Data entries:
(* Let $G_\sigma$ be an ordered undirected graph on vertex set $\{1,\dots,p\}$ with edge set $E_\sigma$, let $U$ be a $p\times p$ positive definite matrix and let $\boldsymbol{\delta}=(\delta_1,\dots,\delta_p)$ with $\delta_i>0$ for all $i$. Then $$\int \pi^*_{U,\boldsymbol{\delta}}(L_I,D)\,d(L_I,D)<\infty,$$ and, under the probability distribution obtained by normalizing $\pi^*_{U,\boldsymbol{\delta}}$ (viewed as a distribution of $\Omega=LDL^T\in\mathbb{P}_{G_\sigma}$), $E[\Omega_{ij}]$ exists and is finite for all $i,j$.
   Context: For an ordered graph $G_\sigma$ on $\{1,\dots,p\}$ with (undirected) edge set $E_\sigma$, let $\mathbb{P}_{G_\sigma}$ be the set of $p\times p$ symmetric positive definite matrices $\Omega$ with $\Omega_{ij}=0$ whenever $i\neq j$ and $(i,j)\notin E_\sigma$. Every positive definite $\Omega$ has a unique modified Cholesky decomposition $\Omega=LDL^T$, $L$ lower triangular with unit diagonal, $D=\mathrm{diag}(D_1,\dots,D_p)$ with $D_i>0$. Let $L_I=\{L_{ij}: i>j,\ (i,j)\in E_\sigma\}$ (the independent entries); the map $\Omega\mapsto(L_I,D)$ is a bijection from $\mathbb{P}_{G_\sigma}$ onto $\mathbb{R}^{|L_I|}\times(0,\infty)^p$ (the other below-diagonal entries of $L$ are determined by the constraints $\Omega_{ij}=0$). Let $\nu_j=|\{i: i>j,(i,j)\in E_\sigma\}|$. The (unnormalized) generalized $G$-Wishart density with parameters $U,\boldsymbol\delta$ on $\mathbb{P}_{G_\sigma}$ is $\prod_{i=1}^p D_i^{\delta_i/2}\exp(-\tfrac12\mathrm{tr}(\Omega U))$; expressed in the coordinates $(L_I,D)$ (including the Jacobian $\prod_j D_j^{\nu_j}$) it is $$\pi^*_{U,\boldsymbol\delta}(L_I,D)=\Big(\prod_{j=1}^p D_j^{(\delta_j+2\nu_j)/2}\Big)\exp\Big(-\tfrac12\sum_{i=1}^p\sum_{j=1}^p U_{ij}\sum_{k=1}^{\min(i,j)}L_{ik}L_{jk}D_k\Big),$$ integrated with respect to Lebesgue measure on $\mathbb{R}^{|L_I|}\times(0,\infty)^p$. *)

From HB Require Import structures.
From mathcomp Require Import all_boot all_order all_algebra.
From mathcomp Require Import all_classical all_reals all_analysis.
Set Implicit Arguments. Unset Strict Implicit. Unset Printing Implicit Defensive.
Import Order.TTheory GRing.Theory Num.Theory.
Local Open Scope ring_scope.
Local Open Scope classical_set_scope.
(* Let $d\ge 2$ be an integer and let $a_1,\dots,a_d,b_1,\dots,b_d$ be positive real numbers. Then there is a unique pair $(\lambda,f)=(\lambda,f_1,\dots,f_d)\in\mathbb{R}\times C^2([0,1];(0,\infty)^d)$ such that $$\sum_{i=1}^d\left(-\frac{f_i'}{f_i}\sum_{k=1}^d\frac{f_k'}{f_k}+\frac{f_i'^2}{f_i^2}\right)\Bigg|_{r=0}=(d-1)\lambda,$$ $$-\frac{f_i'}{f_i}\sum_{k=1}^d\frac{f_k'}{f_k}+\frac{f_i'^2}{f_i^2}-\frac{f_i''}{f_i}=\lambda\quad\text{on }[0,1],\ i=1,\dots,d,$$ and $f_i(0)=a_i$, $f_i(1)=b_i$ for each $i=1,\dots,d$.
   Context: These are the Einstein equations for a metric $dr\otimes dr+\sum_i f_i(r)^2\,dx_i^2$ on $\mathbb{T}^d\times[0,1]$ with Einstein constant $\lambda$; primes denote derivatives in $r\in[0,1]$. *)

From Stdlib Require Import Reals.
From Coquelicot Require Import Coquelicot.
Open Scope R_scope.

Definition I01 (x : R) : Prop := 0 <= x <= 1.

Definition has_deriv_01 (f g : R -> R) : Prop :=
  forall x, I01 x ->
    filterlim (fun h => (f (x + h) - f x) / h)
      (within (fun h => h <> 0 /\ I01 (x + h)) (locally 0))
      (locally (g x)).

Definition cont_01 (g : R -> R) : Prop :=
  forall x, I01 x -> filterlim g (within I01 (locally x)) (locally (g x)).

(* Sum over k = 0, ..., d-1 (d >= 1). *)
Definition sumd (d : nat) (F : nat -> R) : R := sum_f_R0 F (pred d).

Definition is_solution (d : nat) (a b : nat -> R) (lam : R) (f : nat -> R -> R)
  : Prop :=
  exists f1 f2 : nat -> R -> R,
    (forall i, (i < d)%nat ->
       has_deriv_01 (f i) (f1 i) /\ has_deriv_01 (f1 i) (f2 i) /\
       cont_01 (f2 i) /\ (forall r, I01 r -> 0 < f i r)) /\
    sumd d (fun i => - (f1 i 0 / f i 0) * sumd d (fun k => f1 k 0 / f k 0)
                     + (f1 i 0 / f i 0) ^ 2) = INR (d - 1) * lam /\
    (forall i r, (i < d)%nat -> I01 r ->
       - (f1 i r / f i r) * sumd d (fun k => f1 k r / f k r)
       + (f1 i r / f i r) ^ 2 - f2 i r / f i r = lam) /\
    (forall i, (i < d)%nat -> f i 0 = a i /\ f i 1 = b i).
Lemma pow_not_sub_Je_frobenius (sigma : Rg -> Rg) e J a t : Fsplitting p sigma ->
  pow_not_sub_Je e J a t -> pow_not_sub_Je e.+1 J a (t * p).
Proof.
move=> Hsigma Ht Hsub; apply: Ht => f Hf.
by apply: (Je_frobenius_root Hsigma); apply: Hsub; apply: ideal_powX.
Qed.

Lemma bnum_frobenius (sigma : Rg -> Rg) e J a B B' : Fsplitting p sigma ->
  pow_not_sub_Je_bounded e J a B -> pow_not_sub_Je_bounded e.+1 J a B' ->
  (p * bnum p e J a <= bnum p e.+1 J a)%nat.
Proof.
move=> Hsigma HB HB'; case: (bnumP HB) => [[/(pow_not_sub_Je_frobenius Hsigma) Ht _]|[_ ->]].
  by case: (bnumP HB') => [[_ /(_ _ Ht)]|[/(_ _ Ht)]] //; rewrite mulnC.
by rewrite muln0.
Qed.

End Threshold.

Section RatioLimit.
Local Open Scope R_scope.

Lemma ratio_le (m n q : nat) : (0 < q)%nat -> (m <= n)%nat -> INR m / INR q <= INR n / INR q.
Proof.
move=> q_gt0 /leP Hmn; apply/Rmult_le_compat_r/le_INR => //.
by apply/Rlt_le/Rinv_0_lt_compat/lt_0_INR/ltP.
Qed.

Lemma ratio_growing_ub (b : nat -> nat) (p C : nat) : (0 < p)%nat ->
  (forall e, p * b e <= b e.+1)%nat -> (forall e, b e <= C * expn p e)%nat ->
  Un_growing (fun e => INR (b e) / INR (expn p e)) /\
  has_ub (fun e => INR (b e) / INR (expn p e)).
Proof.
move=> p_gt0 Hb Hub; have pe_gt0 e : (0 < expn p e)%nat by rewrite expn_gt0 p_gt0.
have INR_pe e : INR (expn p e) <> 0 by apply/not_0_INR/eqP; rewrite -lt0n.
split=> [e|]; last first.
  exists (INR C) => _ [e ->]; apply: Rle_trans (ratio_le (pe_gt0 e) (Hub e)) _.
  by rewrite mult_INR Rmult_div_l //; apply: Rle_refl.
apply: Rle_trans (ratio_le (pe_gt0 e.+1) (Hb e)).
have INR_p : INR p <> 0 by apply/not_0_INR/eqP; rewrite -lt0n.
by rewrite expnS !mult_INR Rdiv_mult_l_l //; apply: Rle_refl.
Qed.

Lemma Un_cv_le_ub (u : nat -> R) l M : Un_cv u l -> (forall n, u n <= M) -> l <= M.
Proof.
move=> Hu HM; apply: (Rle_cv_lim HM Hu) => eps eps_gt0.
by exists 0%nat => n _; rewrite R_dist_eq.
Qed.

End RatioLimit.

Definition bnum_ratio (Rg : comNzRingType) (p : nat) (J a : Rg -> Prop) (e : nat) : R :=
  (INR (bnum p e J a) / INR (expn p e))%R.

Lemma ct_spec (Rg : comNzRingType) (p C : nat) (J a : Rg -> Prop) (sigma : Rg -> Rg) :
  prime p -> Fsplitting p sigma ->
  (forall e, pow_not_sub_Je_bounded p e J a (C * expn p e)) ->
  Un_cv (bnum_ratio p J a) (ct p J a) /\ forall e, (bnum_ratio p J a e <= ct p J a)%R.
Proof.
move=> Hpr Hsigma HB.
have bnd e : (bnum p e J a <= C * expn p e)%nat by case: (bnumP (HB e)) => [[/HB]|[_ ->]].
have [Hgrow Hub] := ratio_growing_ub (prime_gt0 Hpr)
  (fun e => bnum_frobenius Hsigma (HB e) (HB e.+1)) bnd.
have [l Hl] := growing_cv _ Hgrow Hub.
have Hct : Un_cv (bnum_ratio p J a) (ct p J a).
  exact: epsilon_spec (inhabits 0%R) _ (ex_intro _ l Hl).
by split=> // e; apply: growing_ineq Hgrow Hct e.
Qed.
Lemma HCF_singular_base_points (v d : C) :
  [/\ HCF_singular v d (pp1 C), HCF_singular v d (pp2 C),
      HCF_singular v d (pp3 C) & HCF_singular v d (pp4 C)].
Proof.
split; apply/HCF_singular_pt5E; rewrite pt5_eq0 ?oppr_eq0 oner_eq0 ?eqxx; split=> //;
  try by split; ring.
- by exists 1, (-1), 0; rewrite row3_eq0 oner_eq0; split=> //; split; ring.
- by exists 1, (-1), 0; rewrite row3_eq0 oner_eq0; split=> //; split; ring.
- by exists 0, 1, 0; rewrite row3_eq0 oner_eq0 eqxx; split=> //; split; ring.
- by exists 0, 1, 0; rewrite row3_eq0 oner_eq0 eqxx; split=> //; split; ring.
Qed.

Lemma HCF_singular_special_points (v : C) :
  HCF_singular v (2 * v) (pt5 1 (-1) 0 0 (-1)) /\
  HCF_singular v (- (2 * v)) (pt5 1 (-1) 0 0 1).
Proof.
split; apply/HCF_singular_pt5E; rewrite pt5_eq0 oner_eq0; split=> //;
  try by split; ring.
- exists (- v), (2 * v), 2; rewrite row3_eq0 (negbTE two_neq0) !andbF.
  by split=> //; split; ring.
- exists v, (- (2 * v)), 2; rewrite row3_eq0 (negbTE two_neq0) !andbF.
  by split=> //; split; ring.
Qed.

Lemma HCF_singular_classify (v d : C) p : v != 0 -> d != 0 -> HCF_singular v d p ->
  (proj_eq p (pp1 C) \/ proj_eq p (pp2 C) \/ proj_eq p (pp3 C) \/ proj_eq p (pp4 C))
  \/ d = 2 * v /\ proj_eq p (pt5 1 (-1) 0 0 (-1))
  \/ d = - (2 * v) /\ proj_eq p (pt5 1 (-1) 0 0 1).
Proof.
move=> v0 d0; have [z0 [z1 [z2 [z3 [x ->]]]]] := pt5_surj p.
case/HCF_singular_pt5E => p0 eqs [a [b [c [abc0 grad]]]].
have [c0 | c0] := eqVneq c 0.
  rewrite c0 in abc0 grad; left.
  have ab0 : (a != 0) || (b != 0).
    by move: abc0; rewrite row3_eq0 eqxx andbT negb_and.
  move: p0; have [-> [[-> -> /eqP] | [-> -> /eqP]]] := HCF_gradient_c0 ab0 eqs grad;
    rewrite eqf_sqr => /orP[]/eqP-> p0.
  - right; left; apply: (proj_eq_scale (k := z0) p0).
    by rewrite /pp2 scale_pt5; congr pt5; ring.
  - left; apply: (proj_eq_scale (k := - z0) p0).
    by rewrite /pp1 scale_pt5; congr pt5; ring.
  - do 3 right; apply: (proj_eq_scale (k := z1) p0).
    by rewrite /pp4 scale_pt5; congr pt5; ring.
  - do 2 right; left; apply: (proj_eq_scale (k := - z1) p0).
    by rewrite /pp3 scale_pt5; congr pt5; ring.
have nz := p0; rewrite pt5_eq0 in nz.
have [z20 z30] := HCF_gradient_c_neq0 v0 d0 c0 nz eqs grad.
move: p0 nz eqs; rewrite z20 z30 => p0 nz [e2 e3 eF]; right.
have nz' : [|| z0 != 0, z1 != 0 | x != 0] by move: nz; rewrite eqxx /= !negb_and.
have e0 : z0 ^+ 2 = x ^+ 2 by rewrite -e2 expr0n addr0.
have e1 : z1 ^+ 2 = x ^+ 2 by rewrite -e3 expr0n addr0.
have [[dE [z1E xE]] | [dE [z1E xE]]] := HCF_special_point d0 nz' e0 e1 eF;
  [left | right]; split=> //; apply: (proj_eq_scale (k := z0) p0);
  by rewrite z1E xE scale_pt5; congr pt5; ring.
Qed.

Lemma HCF_singularE (v d : C) p : v != 0 -> d != 0 ->
  HCF_singular v d p <->
  (proj_eq p (pp1 C) \/ proj_eq p (pp2 C) \/ proj_eq p (pp3 C) \/ proj_eq p (pp4 C))
  \/ d = 2 * v /\ proj_eq p (pt5 1 (-1) 0 0 (-1))
  \/ d = - (2 * v) /\ proj_eq p (pt5 1 (-1) 0 0 1).
Proof.
move=> v0 d0; split; first exact: HCF_singular_classify.
have [s1 s2 s3 s4] := HCF_singular_base_points v d.
have [s5 s6] := HCF_singular_special_points v.
by case=> [[e|[e|[e|e]]] | [[-> e] | [-> e]]]; apply: (HCF_singular_proj_eq e).
Qed.

End SingularPoints.

Theorem lemma7p1 (C : numClosedFieldType) (v d : C) :
  v != 0 -> d != 0 ->
  [/\ (d ^+ 2 != 4 * v ^+ 2 ->
        forall p : 'rV[C]_5, HCF_singular v d p <->
          (proj_eq p (pp1 C) \/ proj_eq p (pp2 C) \/ proj_eq p (pp3 C)
           \/ proj_eq p (pp4 C))),
      (d = 2 * v ->
        forall p : 'rV[C]_5, HCF_singular v d p <->
          (proj_eq p (pp1 C) \/ proj_eq p (pp2 C) \/ proj_eq p (pp3 C)
           \/ proj_eq p (pp4 C) \/ proj_eq p (pt5 1 (-1) 0 0 (-1))))
    & (d = - (2 * v) ->
        forall p : 'rV[C]_5, HCF_singular v d p <->
          (proj_eq p (pp1 C) \/ proj_eq p (pp2 C) \/ proj_eq p (pp3 C)
           \/ proj_eq p (pp4 C) \/ proj_eq p (pt5 1 (-1) 0 0 1)))].
Proof.
move=> v0 d0.
have /eqP opp_neq : 2 * v != - (2 * v).
  by rewrite eq_sym eqNr mulf_neq0 ?two_neq0.
have opp_neq' := not_eq_sym opp_neq.
split=> [dd | dE | dE] p; have := HCF_singularE p v0 d0.
- have dP : d <> 2 * v by move=> dE; move/eqP: dd; apply; rewrite dE; ring.
  have dN : d <> - (2 * v) by move=> dE; move/eqP: dd; apply; rewrite dE; ring.
  tauto.
- by rewrite dE; tauto.
- by rewrite dE; tauto.
Qed.
(* Let $(V,E,c,p)$ be a PCSTP instance with $s:=|T_p|\ge 2$, let $H$ be a terminal-regions decomposition, and enumerate $T_p=\{t_1,\dots,t_s\}$ so that $r^{pc}_H(t_1)\le r^{pc}_H(t_2)\le\dots\le r^{pc}_H(t_s)$. Let $v_i\in V\setminus T_p$. If there is an optimal solution $S$ with $v_i\in V(S)$, then $$C(S)\ \ge\ \underline{d}(v_i,\bar v_{i,1})+\underline{d}(v_i,\bar v_{i,2})+\sum_{k=1}^{s-2} r^{pc}_H(t_k).$$
   Context: A PCSTP instance $(V,E,c,p)$: finite undirected connected graph $G=(V,E)$, $c:E\to\mathbb{Q}_{>0}$, $p:V\to\mathbb{Q}_{\ge0}$. For a tree $S\subseteq G$ (connected acyclic subgraph with at least one vertex), $C(S):=\sum_{e\in E(S)}c(e)+\sum_{v\in V\setminus V(S)}p(v)$; an optimal solution is a tree minimizing $C$. $T_p:=\{v\in V:p(v)>0\}$. $d(u,w)$ is the shortest-path distance between $u,w$ in $G$ w.r.t. $c$. $\underline{d}(u,w)$ is the shortest-path distance between $u$ and $w$ in the subgraph of $G$ induced by $V\setminus(T_p\setminus\{u,w\})$ ($+\infty$ if none). For $v_i\in V\setminus T_p$, $\bar v_{i,1},\bar v_{i,2},\dots$ denote the potential terminals ordered by nondecreasing $\underline{d}(v_i,\cdot)$ (ties broken arbitrarily). A terminal-regions decomposition is a partition $H=\{H_t: t\in T_p\}$ of $V$ with $H_t\cap T_p=\{t\}$ and the subgraph induced by each $H_t$ connected. For $t\in T_p$, $r^{pc}_H(t):=\min\{p(t),\ \min\{d(t,v): v\notin H_t\}\}$. *)

From HB Require Import structures.
From mathcomp Require Import all_boot all_order all_algebra.
Set Implicit Arguments. Unset Strict Implicit. Unset Printing Implicit Defensive.
Import Order.TTheory GRing.Theory Num.Theory.
Local Open Scope ring_scope.

(* A graph on a finite vertex type V is given by an edge set
   E : {set {set V}} whose elements are 2-element vertex sets. *)

Definition adjrel (V : finType) (ES : {set {set V}}) : rel V :=
  fun x y => [set x; y] \in ES.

PROBLEM REQUIREMENTS:
Each line of the data that contains "Hgrow" should be counted; please give only the number.

EXPECTED ANSWER:
3